I am able to charge this much because of my experience with startups, and my open source contributions. I was an early engineer at a startup which is now worth over $500 million, and I'm currently the CTO at my own startup.

Obviously networking is one of my major weaknesses, and I need to work on that.

As someone hiring some people* remote, your rate is at the way way top end of the scale. Even for people with core experience in Node (where I'm hiring).

I get what you're saying, but as an employer, the "non negotiable" and inflexible attitude is a point-blank no for me. Your OS contributions (caveat: spent 2 minutes looking) are hardly much (lists on github are not 'valuable programming', to me it's just content marketing that may as well be on a blog) compared to people asking for 1/2 to 2/3 of your proposed salary, who have core contribs, manage production-deployed packages/code that are in frequent use etc.

Your mileage may vary, so best of luck. But that's my perspective, as an employer, looking for remote devs. The competition is actually pretty high, and you can get awesome candidates that might earn $120-160k a year when working in the valley for $80-120k due to the lower costs they can incur ('valley tax') and the flexibility you offer as a remote employer.

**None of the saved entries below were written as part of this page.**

(* At a cyclic frequency, k*L/2 is a multiple of 2 pi, so the phase k*vpos is consistent
   around the ring: walking along loop p from vpos p lands on vpos j modulo 2 pi. *)
Lemma cyclic_shift r lam k : (0 < r)%nat -> (forall i, (i < r)%nat -> 0 < lam i) ->
  cyclic_freq r lam k -> forall j, (j < r)%nat ->
  let p := prev_vertex r j in
  cos (k * vpos lam p + k * (lam p / 2)) = cos (k * vpos lam j) /\
  sin (k * vpos lam p + k * (lam p / 2)) = sin (k * vpos lam j).
Proof.
  intros Hr Hl [N [HN Hk]] j Hj p.
  assert (HL : 0 < total_length r lam)
    by (pose proof (vpos_pos lam r Hl Hr); unfold vpos in H; lra).
  assert (Hturn : k * vpos lam r = 2 * INR N * PI) by (rewrite Hk; unfold vpos; field; lra).
  unfold p. rewrite <- Rmult_plus_distr_l.
  destruct (prev_vpos r lam j Hr Hj) as [[_ ->]|[_ ->]]; [|auto].
  rewrite Rmult_plus_distr_l, Hturn. split; [apply cos_period|apply sin_period].
Qed.

Lemma modes_eigenfun r lam k t : (2 <= r)%nat -> (forall i, (i < r)%nat -> 0 < lam i) ->
  In t (modes r lam k) -> ring_eigenfun r lam k (mode_fun k lam t).
Proof.
  intros Hr Hl Hin. apply trig_eigenfun. intros j Hj p c s.
  destruct (modes_in r lam k t Hin) as [[-> ->]|[[Ht Hc]|[j0 [-> [Hj0 Hf]]]]].
  - unfold c, s. simpl. rewrite !Rmult_0_l, cos_0, sin_0. repeat split; ring.
  - destruct (cyclic_shift r lam k ltac:(lia) Hl Hc j Hj) as [Hcos Hsin].
    fold p in Hcos, Hsin. rewrite cos_plus in Hcos. rewrite sin_plus in Hsin.
    fold c s in Hcos, Hsin.
    destruct Ht as [-> | ->]; simpl; repeat split; nra.
  - assert (Hs0 : sin (k * (lam j0 / 2)) = 0).
    { destruct Hf as [N [HN Hk]]. pose proof (Hl j0 Hj0).
      replace (k * (lam j0 / 2)) with (INR N * PI) by (rewrite Hk; field; lra). apply sin_INR_PI. }
    assert (Hs : p = j0 -> s = 0) by (intros <-; exact Hs0).
    simpl. destruct (Nat.eqb_spec p j0) as [Hpe|_]; [rewrite (Hs Hpe)|];
      destruct (Nat.eqb j j0); repeat split; ring.
Qed.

Don't get me wrong, I know the value of a high-priced consultant (am/was one) to fix an emergency. But you're not asking people to deliver you an emergency, you're asking for a job. And to deliver in an emergency, you need a hell of a lot more credibility and slickness, which your post suggest you don't have.

* might be one, might be more. Depends on who applies and what it looks like.

Thanks for your feedback! For what it's worth, that's not my GitHub account. I just posted that list of remote working resources.
The serious clients who have the money you are looking for, are not going to hire a random guy in Thailand based on a forum comment.

At your suggested rate, these clients will be able to get an on-location contractor with significantly more experience (think 10-15 years). I.e. No hassle with international payments, timezones and what not.

Compare that to what you are suggesting: A very high cost (150 USD an hour) at a very high risk (completely unknown resource). This makes it a highly unappealing business proposal.

For you to get that rate while being remote, you need to have already established yourself with such clients, i.e. You need to have worked for them before and built a lot of trust.